> [ACTION ITEM] Below are the records; retype each one exactly.

> [RECORDS SUPPLIED]
Lemma realize_shift (s : lex_aut) t k :
  realize s (t + IZR k * total_mass) = realize s t + IZR k * total_mass.
Proof.
  unfold realize.
  rewrite (wsum_ext _ (fun y => IZR k + (IZR (ldeg s (linv s y)) + coord (linv s y) t))).
  - rewrite wsum_shift by apply bounded_realize_summand. ring.
  - intro y. rewrite coord_shift. ring.
Qed.

Lemma coord_strict t1 t2 : t1 < t2 -> exists y, coord y t1 < coord y t2.
Proof.
  intro H. apply NNPP. intro Hn.
  assert (Heq : forall y, coord y t1 = coord y t2).
  { intro y. destruct (coord_mono y t1 t2 ltac:(lra)); auto. exfalso; apply Hn; eauto. }
  rewrite <- (wsum_coord t1), <- (wsum_coord t2), (wsum_ext _ _ Heq) in H. lra.
Qed.

Lemma realize_incr (s : lex_aut) t1 t2 : t1 < t2 -> realize s t1 < realize s t2.
Proof.
  intro H. destruct (coord_strict t1 t2 H) as [y Hy]. unfold realize.
  cut (0 < wsum (fun z => (IZR (ldeg s (linv s z)) + coord (linv s z) t2)
                         - (IZR (ldeg s (linv s z)) + coord (linv s z) t1))).
  { rewrite wsum_minus by apply bounded_realize_summand. lra. }
  apply (wsum_pos _ (lmap s y)).
  - apply bounded_plus, bounded_opp; apply bounded_realize_summand.
  - intro z. pose proof (coord_mono (linv s z) t1 t2). lra.
  - rewrite linv_lmap. lra.
Qed.

Lemma realize_same_map (s u : lex_aut) : (forall y, lmap s y = lmap u y) ->
  exists e : Z, forall t, realize s t = realize u t + IZR e * total_mass.
Proof.
  intro H. destruct (ldeg_const_diff s u H) as [e He]. exists e. intro t.
  rewrite <- realize_lex_shift, <- realize_comp. apply realize_ext. intro y. simpl.
  pose proof (linv_ext s u H y) as E. split; auto. rewrite E, He. lia.
Qed.

Lemma IZR_half_neq (a b : Z) : IZR a + /2 <> IZR b + 1.
Proof.
  intro H.
  assert (E : IZR (2 * a + 1) = IZR (2 * b + 2)) by (rewrite !plus_IZR, !mult_IZR; simpl; lra).
  apply eq_IZR in E. lia.
Qed.

(* The midpoint of the arc of [y] has coordinate [1/2] at [y] only, so it detects
   [(ldeg, lmap)]. *)
Lemma realize_faithful (s u : lex_aut) : (forall t, realize s t = realize u t) -> lex_eq s u.
Proof.
  intros H y. pose proof (atom_pos y). pose proof (mass_below_atom_le y).
  pose proof (mass_nonneg (fun z => z ≺ y)). fold (mass_below y) in *.
  set (t := mass_below y + atom y / 2).
  assert (Hc : coord y t = /2).
  { rewrite coord_base by (unfold t; lra). destruct Rle_dec; [|unfold t in *; lra].
    unfold t.
    replace ((mass_below y + atom y / 2 - mass_below y) / atom y) with (/2) by (field; lra).
    apply Rmin_right; lra. }
  pose proof (coord_realize s t (lmap s y)) as E1. rewrite linv_lmap, Hc in E1.
  pose proof (coord_realize u t (lmap u y)) as E2. rewrite linv_lmap, Hc, <- (H t) in E2.
  set (v := realize s t) in *.
  assert (Heq : lmap s y = lmap u y).
  { destruct (olt_total (lmap s y) (lmap u y)) as [h|[h|h]]; auto; exfalso;
      destruct (coord_coherent v _ _ h) as [n [_ [_ [_ [E|E]]]]].
    - rewrite E1 in E. eapply IZR_half_neq; eauto.
    - rewrite E2 in E. apply (IZR_half_neq (ldeg u y) (n - 1)). rewrite minus_IZR. lra.
    - rewrite E2 in E. eapply IZR_half_neq; eauto.
    - rewrite E1 in E. apply (IZR_half_neq (ldeg s y) (n - 1)). rewrite minus_IZR. lra. }
  split; auto. rewrite Heq in E1. rewrite E1 in E2. apply eq_IZR. lra.
Qed.

End Realization.

Arguments lmap {Y} _ _.
Arguments linv {Y} _ _.
Arguments ldeg {Y} _ _.

(** * The cyclic order of primitive directions *)

Open Scope Z_scope.

Definition det2 (p q : Z*Z) : Z := fst p * snd q - snd p * fst q.
Definition primitive (p : Z*Z) : Prop := exists x y, x * fst p + y * snd p = 1.

Lemma det2_anti p q : det2 p q = - det2 q p.
Proof. unfold det2; ring. Qed.

Lemma det2_actV A p q : inSL2Z A -> det2 (actV A p) (actV A q) = det2 p q.
Proof.
  unfold inSL2Z, M2det, det2, actV.
  destruct A as [a b c d]; destruct p as [p1 p2], q as [q1 q2]; simpl.
  intro H. transitivity ((a * d - b * c) * (p1 * q2 - p2 * q1)). ring. rewrite H. ring.
Qed.

Lemma actV_inv_l A p : inSL2Z A -> actV (M2inv A) (actV A p) = p.
Proof.
  unfold inSL2Z, M2det, actV, M2inv. destruct A as [a b c d]; destruct p as [p1 p2]; simpl. intro H.
  f_equal.
  - transitivity ((a * d - b * c) * p1). ring. rewrite H; ring.
  - transitivity ((a * d - b * c) * p2). ring. rewrite H; ring.
Qed.

Lemma actV_inv_r A p : inSL2Z A -> actV A (actV (M2inv A) p) = p.
Proof.
  unfold inSL2Z, M2det, actV, M2inv. destruct A as [a b c d]; destruct p as [p1 p2]; simpl. intro H.
  f_equal.
  - transitivity ((a * d - b * c) * p1). ring. rewrite H; ring.
  - transitivity ((a * d - b * c) * p2). ring. rewrite H; ring.
Qed.

Lemma inSL2Z_inv A : inSL2Z A -> inSL2Z (M2inv A).
Proof. unfold inSL2Z, M2det, M2inv. destruct A; simpl. intro H. rewrite <- H. ring. Qed.

Lemma actV_inj A p q : inSL2Z A -> actV A p = actV A q -> p = q.
Proof. intros H E. rewrite <- (actV_inv_l A p H), <- (actV_inv_l A q H), E. auto. Qed.

Lemma primitive_actV A p : inSL2Z A -> primitive p -> primitive (actV A p).
Proof.
  intros H [x [y Hp]]. unfold inSL2Z, M2det in H. destruct A as [a b c d]; destruct p as [p1 p2].
  simpl in *.
  exists (x * d - y * c), (- x * b + y * a). unfold actV; simpl.
  transitivity ((a * d - b * c) * (x * p1 + y * p2)). ring. rewrite H, Hp. ring.
Qed.

Definition e1 : Z*Z := (1, 0).
Lemma primitive_e1 : primitive e1.
Proof. exists 1, 0. simpl. ring. Qed.

Lemma inSL2Z_mul A B : inSL2Z A -> inSL2Z B -> inSL2Z (M2mul A B).
Proof.
  unfold inSL2Z, M2det, M2mul. destruct A as [a b c d], B as [e f g h]; simpl. intros H1 H2.
  transitivity ((a * d - b * c) * (e * h - f * g)); [ring | now rewrite H1, H2].
Qed.

Lemma actV_mul A B p : actV (M2mul A B) p = actV A (actV B p).
Proof. destruct A, B, p; unfold actV, M2mul; simpl; f_equal; ring. Qed.

Lemma det2_Vadd p v w : det2 p (Vadd v w) = det2 p v + det2 p w.
Proof. unfold det2, Vadd; simpl; ring. Qed.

> [RESPONSE AREA]
Lemma realize_shift (s : lex_aut) t k :
  realize s (t + IZR k * total_mass) = realize s t + IZR k * total_mass.
Proof.
  unfold realize.
  rewrite (wsum_ext _ (fun y => IZR k + (IZR (ldeg s (linv s y)) + coord (linv s y) t))).
  - rewrite wsum_shift by apply bounded_realize_summand. ring.
  - intro y. rewrite coord_shift. ring.
Qed.

Lemma coord_strict t1 t2 : t1 < t2 -> exists y, coord y t1 < coord y t2.
Proof.
  intro H. apply NNPP. intro Hn.
  assert (Heq : forall y, coord y t1 = coord y t2).
  { intro y. destruct (coord_mono y t1 t2 ltac:(lra)); auto. exfalso; apply Hn; eauto. }
  rewrite <- (wsum_coord t1), <- (wsum_coord t2), (wsum_ext _ _ Heq) in H. lra.
Qed.

Lemma realize_incr (s : lex_aut) t1 t2 : t1 < t2 -> realize s t1 < realize s t2.
Proof.
  intro H. destruct (coord_strict t1 t2 H) as [y Hy]. unfold realize.
  cut (0 < wsum (fun z => (IZR (ldeg s (linv s z)) + coord (linv s z) t2)
                         - (IZR (ldeg s (linv s z)) + coord (linv s z) t1))).
  { rewrite wsum_minus by apply bounded_realize_summand. lra. }
  apply (wsum_pos _ (lmap s y)).
  - apply bounded_plus, bounded_opp; apply bounded_realize_summand.
  - intro z. pose proof (coord_mono (linv s z) t1 t2). lra.
  - rewrite linv_lmap. lra.
Qed.

Lemma realize_same_map (s u : lex_aut) : (forall y, lmap s y = lmap u y) ->
  exists e : Z, forall t, realize s t = realize u t + IZR e * total_mass.
Proof.
  intro H. destruct (ldeg_const_diff s u H) as [e He]. exists e. intro t.
  rewrite <- realize_lex_shift, <- realize_comp. apply realize_ext. intro y. simpl.
  pose proof (linv_ext s u H y) as E. split; auto. rewrite E, He. lia.
Qed.

Lemma IZR_half_neq (a b : Z) : IZR a + /2 <> IZR b + 1.
Proof.
  intro H.
  assert (E : IZR (2 * a + 1) = IZR (2 * b + 2)) by (rewrite !plus_IZR, !mult_IZR; simpl; lra).
  apply eq_IZR in E. lia.
Qed.

(* The midpoint of the arc of [y] has coordinate [1/2] at [y] only, so it detects
   [(ldeg, lmap)]. *)
Lemma realize_faithful (s u : lex_aut) : (forall t, realize s t = realize u t) -> lex_eq s u.
Proof.
  intros H y. pose proof (atom_pos y). pose proof (mass_below_atom_le y).
  pose proof (mass_nonneg (fun z => z ≺ y)). fold (mass_below y) in *.
  set (t := mass_below y + atom y / 2).
  assert (Hc : coord y t = /2).
  { rewrite coord_base by (unfold t; lra). destruct Rle_dec; [|unfold t in *; lra].
    unfold t.
    replace ((mass_below y + atom y / 2 - mass_below y) / atom y) with (/2) by (field; lra).
    apply Rmin_right; lra. }
  pose proof (coord_realize s t (lmap s y)) as E1. rewrite linv_lmap, Hc in E1.
  pose proof (coord_realize u t (lmap u y)) as E2. rewrite linv_lmap, Hc, <- (H t) in E2.
  set (v := realize s t) in *.
  assert (Heq : lmap s y = lmap u y).
  { destruct (olt_total (lmap s y) (lmap u y)) as [h|[h|h]]; auto; exfalso;
      destruct (coord_coherent v _ _ h) as [n [_ [_ [_ [E|E]]]]].
    - rewrite E1 in E. eapply IZR_half_neq; eauto.
    - rewrite E2 in E. apply (IZR_half_neq (ldeg u y) (n - 1)). rewrite minus_IZR. lra.
    - rewrite E2 in E. eapply IZR_half_neq; eauto.
    - rewrite E1 in E. apply (IZR_half_neq (ldeg s y) (n - 1)). rewrite minus_IZR. lra. }
  split; auto. rewrite Heq in E1. rewrite E1 in E2. apply eq_IZR. lra.
Qed.

End Realization.

Arguments lmap {Y} _ _.
Arguments linv {Y} _ _.
Arguments ldeg {Y} _ _.

(** * The cyclic order of primitive directions *)

Open Scope Z_scope.

Definition det2 (p q : Z*Z) : Z := fst p * snd q - snd p * fst q.
Definition primitive (p : Z*Z) : Prop := exists x y, x * fst p + y * snd p = 1.

Lemma det2_anti p q : det2 p q = - det2 q p.
Proof. unfold det2; ring. Qed.

Lemma det2_actV A p q : inSL2Z A -> det2 (actV A p) (actV A q) = det2 p q.
Proof.
  unfold inSL2Z, M2det, det2, actV.
  destruct A as [a b c d]; destruct p as [p1 p2], q as [q1 q2]; simpl.
  intro H. transitivity ((a * d - b * c) * (p1 * q2 - p2 * q1)). ring. rewrite H. ring.
Qed.

Lemma actV_inv_l A p : inSL2Z A -> actV (M2inv A) (actV A p) = p.
Proof.
  unfold inSL2Z, M2det, actV, M2inv. destruct A as [a b c d]; destruct p as [p1 p2]; simpl. intro H.
  f_equal.
  - transitivity ((a * d - b * c) * p1). ring. rewrite H; ring.
  - transitivity ((a * d - b * c) * p2). ring. rewrite H; ring.
Qed.

Lemma actV_inv_r A p : inSL2Z A -> actV A (actV (M2inv A) p) = p.
Proof.
  unfold inSL2Z, M2det, actV, M2inv. destruct A as [a b c d]; destruct p as [p1 p2]; simpl. intro H.
  f_equal.
  - transitivity ((a * d - b * c) * p1). ring. rewrite H; ring.
  - transitivity ((a * d - b * c) * p2). ring. rewrite H; ring.
Qed.

Lemma inSL2Z_inv A : inSL2Z A -> inSL2Z (M2inv A).
Proof. unfold inSL2Z, M2det, M2inv. destruct A; simpl. intro H. rewrite <- H. ring. Qed.

Lemma actV_inj A p q : inSL2Z A -> actV A p = actV A q -> p = q.
Proof. intros H E. rewrite <- (actV_inv_l A p H), <- (actV_inv_l A q H), E. auto. Qed.

Lemma primitive_actV A p : inSL2Z A -> primitive p -> primitive (actV A p).
Proof.
  intros H [x [y Hp]]. unfold inSL2Z, M2det in H. destruct A as [a b c d]; destruct p as [p1 p2].
  simpl in *.
  exists (x * d - y * c), (- x * b + y * a). unfold actV; simpl.
  transitivity ((a * d - b * c) * (x * p1 + y * p2)). ring. rewrite H, Hp. ring.
Qed.

Definition e1 : Z*Z := (1, 0).
Lemma primitive_e1 : primitive e1.
Proof. exists 1, 0. simpl. ring. Qed.

Lemma inSL2Z_mul A B : inSL2Z A -> inSL2Z B -> inSL2Z (M2mul A B).
Proof.
  unfold inSL2Z, M2det, M2mul. destruct A as [a b c d], B as [e f g h]; simpl. intros H1 H2.
  transitivity ((a * d - b * c) * (e * h - f * g)); [ring | now rewrite H1, H2].
Qed.

Lemma actV_mul A B p : actV (M2mul A B) p = actV A (actV B p).
Proof. destruct A, B, p; unfold actV, M2mul; simpl; f_equal; ring. Qed.

Lemma det2_Vadd p v w : det2 p (Vadd v w) = det2 p v + det2 p w.
Proof. unfold det2, Vadd; simpl; ring. Qed.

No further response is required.